I'm on hiatus while working on a manuscript for a new book. In the meantime, please enjoy these classic Savage Love letters pulled from previous columns. I will be back October 1st, when the book is finished. —Dan
Originally published June 4, 2009:
My boyfriend and I have been together eight months. We love each other, and I see us spending our lives together. At least I did, until something he said a few days ago.
Long story short, for the last five months he's brought up marriage. Then a few days ago he informed me that he doesn't want a wedding. When I offered a small ceremony for immediate family and friends, he balked and said he's not even interested in a courthouse wedding. I asked if everything he'd said before was empty talk, and he said yes. He won't give me any better explanation. Oh, and this was two days after we decided I'd be moving in with him, and he still wants me to live with him even after dropping this bomb! Everyone I've talked to, including my therapist, said the equivalent of WTF?!?

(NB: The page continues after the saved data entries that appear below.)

(* Let $H_{\mathbb{C}}$ be the complex Heisenberg group of complex matrices $\begin{pmatrix}1&u_2&u_3\\0&1&u_1\\0&0&1\end{pmatrix}$. Let $\Lambda=\mathbb{Z}\langle1,e^{2\pi i/3}\rangle$ and $\Lambda'=\mathbb{Z}\langle1,i\rangle$ (Gaussian integers), and let $\Gamma_H$ (resp. $\Gamma_0$) be the subgroup of $H_{\mathbb{C}}$ of matrices with $u_1,u_2,u_3\in\Lambda$ (resp. $\in\Lambda'$). Let $N=\Gamma_H\backslash H_{\mathbb{C}}$ and let $N'=\Gamma_0\backslash H_{\mathbb{C}}$ be the Iwasawa manifold. Then $\pi_1(N)=\Gamma_H$ and $\pi_1(N')=\Gamma_0$ are not isomorphic groups; in particular $N$ and $N'$ are not diffeomorphic. *)

From mathcomp Require Import all_boot all_order all_algebra all_field.
Set Implicit Arguments. Unset Strict Implicit. Unset Printing Implicit Defensive.
Import GRing.Theory Num.Theory.
Local Open Scope ring_scope.

(* e^{2 pi i / 3} = (-1 + i sqrt 3)/2 *)
Definition omega3 : algC := (-1 + 'i * sqrtC 3) / 2.

Definition in_lattice (w z : algC) : Prop :=
  exists a b : int, z = a%:~R + b%:~R * w.

Definition heis (u1 u2 u3 : algC) : 'M[algC]_3 :=
  \matrix_(i < 3, j < 3)
    if (i : nat) == j then 1
    else if ((i : nat) == 0%N) && ((j : nat) == 1%N) then u2
    else if ((i : nat) == 0%N) && ((j : nat) == 2%N) then u3
    else if ((i : nat) == 1%N) && ((j : nat) == 2%N) then u1
    else 0.

Definition Gamma (w : algC) (M : 'M[algC]_3) : Prop :=
  exists u1 u2 u3, [/\ in_lattice w u1, in_lattice w u2, in_lattice w u3
                     & M = heis u1 u2 u3].

(* a group isomorphism from Gamma w to Gamma w' (given by a function on
   matrices whose behaviour outside Gamma w is irrelevant) *)
Definition group_iso (w w' : algC) (f : 'M[algC]_3 -> 'M[algC]_3) : Prop :=
  [/\ (forall M, Gamma w M -> Gamma w' (f M)),
      (forall M N, Gamma w M -> Gamma w N -> f M = f N -> M = N),
      (forall N, Gamma w' N -> exists2 M, Gamma w M & f M = N)
    & (forall M N, Gamma w M -> Gamma w N -> f (M *m N) = f M *m f N)].

From mathcomp Require Import all_boot all_order all_algebra all_field.
From mathcomp Require Import ring zify.
Set Implicit Arguments. Unset Strict Implicit. Unset Printing Implicit Defensive.
Import GRing.Theory Num.Theory.
Local Open Scope ring_scope.

(* For w = ω or w = i, Z<1,w> is a ring and Γ_w is a group with centre
   {heis 0 0 t | t in Z<1,w>}; the commutators of x = heis a1 a2 a3 with
   Γ_w are the heis 0 0 (a2 b1 - b2 a1), i.e. they form the ideal (a1, a2)
   of Z<1,w> inside the centre Z<1,w>.  "Some x has commutator subgroup of index two in
   the centre" is invariant under isomorphism.  It holds in Γ_0 for
   x = heis (1+i) 0 0, since (1+i) has index 2 in Z[i], and fails in Γ_H,
   since 2 is inert in Z[ω], so no ideal of Z[ω] has index 2. *)

Lemma heis_mul a1 a2 a3 b1 b2 b3 :
  heis a1 a2 a3 *m heis b1 b2 b3 = heis (a1 + b1) (a2 + b2) (a3 + b3 + a2 * b1).
Proof.
apply/matrixP => i j; rewrite !mxE !big_ord_recr big_ord0 /= !mxE.
by case: i => [[|[|[|i]]] Hi] //; case: j => [[|[|[|j]]] Hj] //=; ring.
Qed.

Lemma heis_inj a1 a2 a3 b1 b2 b3 :
  heis a1 a2 a3 = heis b1 b2 b3 -> [/\ a1 = b1, a2 = b2 & a3 = b3].
Proof.
move=> E; have entry i j := congr1 (fun M : 'M[algC]_3 => M i j) E.
move: (entry (@Ordinal 3 1 isT) (@Ordinal 3 2 isT)).
move: (entry (@Ordinal 3 0 isT) (@Ordinal 3 1 isT)).
move: (entry (@Ordinal 3 0 isT) (@Ordinal 3 2 isT)).
by rewrite !mxE /=.
Qed.

Lemma heis_commutator a1 a2 a3 b1 b2 b3 :
  heis a1 a2 a3 *m heis b1 b2 b3 =
  (heis b1 b2 b3 *m heis a1 a2 a3) *m heis 0 0 (a2 * b1 - b2 * a1).
Proof. by rewrite !heis_mul; congr heis; ring. Qed.

Section Lattice.

Variable w : algC.

Lemma lattice0 : in_lattice w 0. Proof. by exists 0, 0; rewrite mul0r addr0. Qed.
Lemma lattice1 : in_lattice w 1. Proof. by exists 1, 0; rewrite mul0r addr0. Qed.
Lemma lattice_gen : in_lattice w w. Proof. by exists 0, 1; rewrite mul1r add0r. Qed.

Lemma latticeD x y : in_lattice w x -> in_lattice w y -> in_lattice w (x + y).
Proof.
by move=> [a [b ->]] [c [d ->]]; exists (a + c), (b + d); rewrite !rmorphD /=; ring.
Qed.

Lemma latticeN x : in_lattice w x -> in_lattice w (- x).
Proof. by move=> [a [b ->]]; exists (- a), (- b); rewrite !rmorphN /=; ring. Qed.

Definition quadratic_integer := exists p q : int, w * w = p%:~R + q%:~R * w.

Hypothesis w_quadratic : quadratic_integer.

Lemma latticeM x y : in_lattice w x -> in_lattice w y -> in_lattice w (x * y).
Proof.
have [p [q w2]] := w_quadratic.
move=> [a [b ->]] [c [d ->]].
exists (a * c + b * d * p), (a * d + b * c + b * d * q).
rewrite !rmorphD !rmorphM /=.
transitivity (a%:~R * c%:~R + (a%:~R * d%:~R + b%:~R * c%:~R) * w
              + b%:~R * d%:~R * (w * w) : algC); first by ring.
by rewrite w2; ring.
Qed.

Lemma Gamma_mul M N : Gamma w M -> Gamma w N -> Gamma w (M *m N).
Proof.
move=> [a1 [a2 [a3 [la1 la2 la3 ->]]]] [b1 [b2 [b3 [lb1 lb2 lb3 ->]]]].
rewrite heis_mul; exists (a1 + b1), (a2 + b2), (a3 + b3 + a2 * b1).
by split; do ?[exact: latticeD | exact: latticeM | apply: latticeD].
Qed.

End Lattice.

Lemma i_sq : 'i * 'i = -1 :> algC.
Proof. by rewrite -expr2 sqrCi. Qed.

Lemma omega3_sq : omega3 * omega3 = -1 - omega3.
Proof.
have s2 : sqrtC 3 * sqrtC 3 = 3 :> algC by rewrite -expr2 sqrtCK.
rewrite /omega3.
transitivity (-1 - (-1 + 'i * sqrtC 3) / 2
              + (3 + ('i * 'i) * (sqrtC 3 * sqrtC 3)) / 4 : algC); first by field.
by rewrite i_sq s2 mulN1r subrr mul0r addr0.
Qed.

Lemma quadratic_integer_omega3 : quadratic_integer omega3.
Proof. by exists (-1), (-1); rewrite omega3_sq !rmorphN /= rmorph1 mulN1r. Qed.

Section IndexTwoCommutators.

Variable w : algC.

Definition central z := forall y, Gamma w y -> z *m y = y *m z.

Definition commutator_with x c := exists2 y, Gamma w y & x *m y = (y *m x) *m c.

(* The commutators with x form a proper subgroup of the centre of index at
   most two, i.e. of index exactly two. *)
Definition index_two_commutators x := exists z,
  [/\ Gamma w z, central z, ~ commutator_with x z
    & forall z', Gamma w z' -> central z' ->
        commutator_with x z' \/ commutator_with x (z' *m z)].

Lemma central_heis t : central (heis 0 0 t).
Proof. by move=> y [b1 [b2 [b3 [_ _ _ ->]]]]; rewrite !heis_mul; congr heis; ring. Qed.

Lemma Gamma_central_heis z : Gamma w z -> central z ->
  exists2 t, in_lattice w t & z = heis 0 0 t.
Proof.
move=> [z1 [z2 [z3 [_ _ lz3 ->]]]] cz.
have Gheis u1 u2 : in_lattice w u1 -> in_lattice w u2 -> Gamma w (heis u1 u2 0).
  by move=> l1 l2; exists u1, u2, 0; split => //; apply: lattice0.
have := cz _ (Gheis _ _ (lattice1 w) (lattice0 w)).
rewrite !heis_mul => /heis_inj[_ _].
rewrite mulr1 mul0r !addr0 add0r addrC => /(canRL (addrK _)); rewrite subrr => ->.
have := cz _ (Gheis _ _ (lattice0 w) (lattice1 w)).
rewrite !heis_mul => /heis_inj[_ _].
rewrite mulr0 mul1r !addr0 add0r addrC => /esym/(canRL (addrK _)); rewrite subrr => ->.
by exists z3.
Qed.

Lemma commutator_with_heis a1 a2 a3 t :
  commutator_with (heis a1 a2 a3) (heis 0 0 t) <->
  exists b1 b2, [/\ in_lattice w b1, in_lattice w b2 & t = a2 * b1 - b2 * a1].
Proof.
split.
- move=> [_ [b1 [b2 [b3 [lb1 lb2 _ ->]]]]].
  rewrite heis_commutator !heis_mul => /heis_inj[_ _].
  by rewrite !mulr0 !addr0 => /addrI t_eq; exists b1, b2.
- move=> [b1 [b2 [lb1 lb2 ->]]]; exists (heis b1 b2 0); last exact: heis_commutator.
  by exists b1, b2, 0; split => //; apply: lattice0.
Qed.

End IndexTwoCommutators.

Lemma index_two_commutators_transport w w' f x : quadratic_integer w ->
  group_iso w w' f -> Gamma w x ->
  index_two_commutators w' (f x) -> index_two_commutators w x.
Proof.
move=> wq [fG finj fsurj fM] Gx [z' [Gz' cz' ncz' index2]].
have GM := @Gamma_mul w wq.
have [z Gz fz] := fsurj _ Gz'.
have commutator_back c : Gamma w c ->
    commutator_with w' (f x) (f c) -> commutator_with w x c.
  move=> Gc [_ /fsurj[y Gy <-] E]; exists y => //.
  by apply: finj; rewrite ?fM //; repeat apply: (GM).
have central_image c : Gamma w c -> central w c -> central w' (f c).
  by move=> Gc cc _ /fsurj[y Gy <-]; rewrite -!fM // cc.
exists z; split => //.
- move=> y Gy; apply: finj; try exact: (GM).
  by rewrite !fM // fz cz' //; apply: fG.
- move=> [y Gy E]; apply: ncz'; exists (f y); first exact: fG.
  rewrite -fz -!fM // ?E //; exact: (GM).
move=> c Gc cc.
case: (index2 _ (fG _ Gc) (central_image _ Gc cc)) => H; [left | right].
  exact: commutator_back.
by apply: commutator_back; [exact: (GM) | rewrite fM // fz].
Qed.

(* ω and ω + 1 are units of Z[ω], but in a quotient of order two one of them
   would vanish. *)
Lemma eisenstein_no_ideal_of_index_two (I : algC -> Prop) t0 :
  (forall s s', I s -> I s' -> I (s + s')) ->
  (forall l s, in_lattice omega3 l -> I s -> I (l * s)) ->
  in_lattice omega3 t0 -> ~ I t0 ->
  ~ (forall t, in_lattice omega3 t -> I t \/ I (t + t0)).
Proof.
move=> ID IM lt0 It0 index2.
have IN s : I s -> I (- s).
  by rewrite -mulN1r; apply: IM; apply: latticeN; apply: lattice1.
have I1 : ~ I 1 by move=> I1; apply: It0; rewrite -[t0]mulr1; apply: IM.
have [Iw | Iwt0] := index2 _ (lattice_gen _).
  apply: I1; have -> : 1 = (-1 - omega3) * omega3 by rewrite mulrBl omega3_sq; ring.
  apply: IM => //; apply: latticeD; apply: latticeN; [exact: lattice1 | exact: lattice_gen].
have I1t0 : I (1 + t0) by case: (index2 _ (lattice1 _)).
have I2t0 : I (t0 + t0) by case: (index2 _ lt0).
have Iw1 : I (omega3 + 1).
  have -> : omega3 + 1 = (omega3 + t0) + (1 + t0) + - (t0 + t0) by ring.
  exact: ID (ID _ _ Iwt0 I1t0) (IN _ I2t0).
apply: I1; have -> : 1 = - omega3 * (omega3 + 1) by rewrite mulrDr mulNr omega3_sq; ring.
apply: IM => //; apply: latticeN; exact: lattice_gen.
Qed.

Lemma not_index_two_commutators_eisenstein x :
  Gamma omega3 x -> ~ index_two_commutators omega3 x.
Proof.
have wq := quadratic_integer_omega3.
move=> [a1 [a2 [a3 [la1 la2 la3 ->]]]] [z [Gz cz nz index2]].
have [t0 lt0 z_eq] := Gamma_central_heis Gz cz; subst z.
pose I t := exists b1 b2,
  [/\ in_lattice omega3 b1, in_lattice omega3 b2 & t = a2 * b1 - b2 * a1].
apply: (@eisenstein_no_ideal_of_index_two I t0) => //.
- move=> _ _ [b1 [b2 [lb1 lb2 ->]]] [c1 [c2 [lc1 lc2 ->]]].
  by exists (b1 + c1), (b2 + c2); split; [exact: latticeD | exact: latticeD | ring].
- move=> l _ ll [b1 [b2 [lb1 lb2 ->]]].
  by exists (l * b1), (l * b2); split; [exact: latticeM | exact: latticeM | ring].
- by move/commutator_with_heis.
move=> t lt; have Gt : Gamma omega3 (heis 0 0 t).
  by exists 0, 0, t; split => //; apply: lattice0.
case: (index2 _ Gt (central_heis _)); last rewrite heis_mul mulr0 !addr0.
  by move/commutator_with_heis; left.
by move/commutator_with_heis; right.
Qed.

Lemma gaussian_eq0 (p q : int) :
  p%:~R + q%:~R * 'i = 0 :> algC -> p = 0 /\ q = 0.
Proof.
move=> pq0; suff /eqP : (p * p + q * q)%:~R = 0 :> algC by rewrite intr_eq0 => /eqP; nia.
transitivity ((p%:~R + q%:~R * 'i) * (p%:~R - q%:~R * 'i)
              + q%:~R * q%:~R * ('i * 'i + 1) : algC).
  by rewrite rmorphD !rmorphM /=; ring.
by rewrite pq0 i_sq; ring.
Qed.

Lemma gaussian_in_ideal_1pi (p q k : int) : p + q = 2 * k ->
  exists2 b, in_lattice 'i b & p%:~R + q%:~R * 'i = b * (1 + 'i).
Proof.
move=> pq; exists (k%:~R + (q - k)%:~R * 'i); first by exists k, (q - k).
have -> : p = 2 * k - q by lia.
rewrite !rmorphB rmorphM /=.
transitivity (k%:~R + (q%:~R - k%:~R) * ('i * 'i) + q%:~R * 'i : algC).
  by rewrite i_sq; ring.
by ring.
Qed.

Lemma gaussian_one_notin_ideal_1pi b : in_lattice 'i b -> 1 <> b * (1 + 'i).
Proof.
move=> [r [s ->]] one_eq.
have [] := @gaussian_eq0 (r - s - 1) (r + s); last lia.
rewrite !rmorphB !rmorphD /= rmorph1.
transitivity ((r%:~R + s%:~R * 'i) * (1 + 'i) - 1 - s%:~R * ('i * 'i + 1) : algC).
  by ring.
by rewrite -one_eq i_sq subrr addNr mulr0 subr0.
Qed.

Lemma index_two_commutators_gaussian : index_two_commutators 'i (heis (1 + 'i) 0 0).
Proof.
have commutator_of_ideal t :
    (exists2 b, in_lattice 'i b & t = b * (1 + 'i)) ->
    commutator_with 'i (heis (1 + 'i) 0 0) (heis 0 0 t).
  move=> [b lb ->]; apply/commutator_with_heis; exists 0, (- b).
  by split; [apply: lattice0 | apply: latticeN | ring].
exists (heis 0 0 1); split.
- by exists 0, 0, 1; split; [apply: lattice0 | apply: lattice0 | apply: lattice1 |].
- exact: central_heis.
- move/commutator_with_heis=> [b1 [b2 [_ lb2 one_eq]]].
  apply: (@gaussian_one_notin_ideal_1pi (- b2)); first exact: latticeN.
  by rewrite [LHS]one_eq; ring.
move=> z Gz cz; have [_ [p [q ->]] ->] := Gamma_central_heis Gz cz.
have [k [pq | pq]] : exists k, p + q = 2 * k \/ p + q = 2 * k + 1.
  by exists ((p + q) %/ 2)%Z; lia.
- by left; apply: commutator_of_ideal; apply: gaussian_in_ideal_1pi pq.
- right; rewrite heis_mul mulr0 !addr0; apply: commutator_of_ideal.
  have := @gaussian_in_ideal_1pi (p + 1) q (k + 1) ltac:(lia).
  by rewrite rmorphD /= rmorph1 addrAC.
Qed.

Theorem proposition3p3 :
  ~ exists f : 'M[algC]_3 -> 'M[algC]_3, group_iso omega3 'i f.
Proof.
move=> [f iso]; have [_ _ fsurj _] := iso.
have Gx : Gamma 'i (heis (1 + 'i) 0 0).
  exists (1 + 'i), 0, 0; split; [| apply: lattice0 | apply: lattice0 |] => //.
  by exists 1, 1; rewrite !rmorph1 mul1r.
have [x Gx' fx] := fsurj _ Gx.
apply: (not_index_two_commutators_eisenstein Gx').
apply: (index_two_commutators_transport quadratic_integer_omega3 iso Gx').
rewrite fx; exact: index_two_commutators_gaussian.
Qed.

Dan, can you decipher this male-ese for me?
Lady In A Relationship
My response after the jump...
You were discussing marriage at three months?
The fact that he would bring up marriage so early, and the fact that you didn't laugh in his face, disqualifies you both from obtaining a marriage license. (Okay, it doesn't—but it should.) Three months—eight months, sixteen months—is way too soon to be discussing marriage. Sure, you can allow yourself to be swept away by new love, you can crush out on each other, you can sheepishly admit that you've allowed yourself to daydream about marriage—so long as that admission is immediately followed by this statement: "But I realize it's way too soon to even think about it seriously..." But you absolutely, positively should NOT be making plans to marry, small ceremonies or large, courthouse or St. Paul's Cathedral, at eight fucking months; nor should you attempt to hold him—or anyone else—to a premature "commitment" to wed.
Your boyfriend doesn't have a bad case of "male-ese," LIAR, he has a good case of came-to-his-senses-ese. If you're lucky, the strain is contagious, perhaps sexually transmitted, and you'll soon be showing symptoms yourself.
And a bit of bonus advice: Get a therapist who doesn't believe that cashing your checks obligates him to tell you whatever idiot thing you want to hear.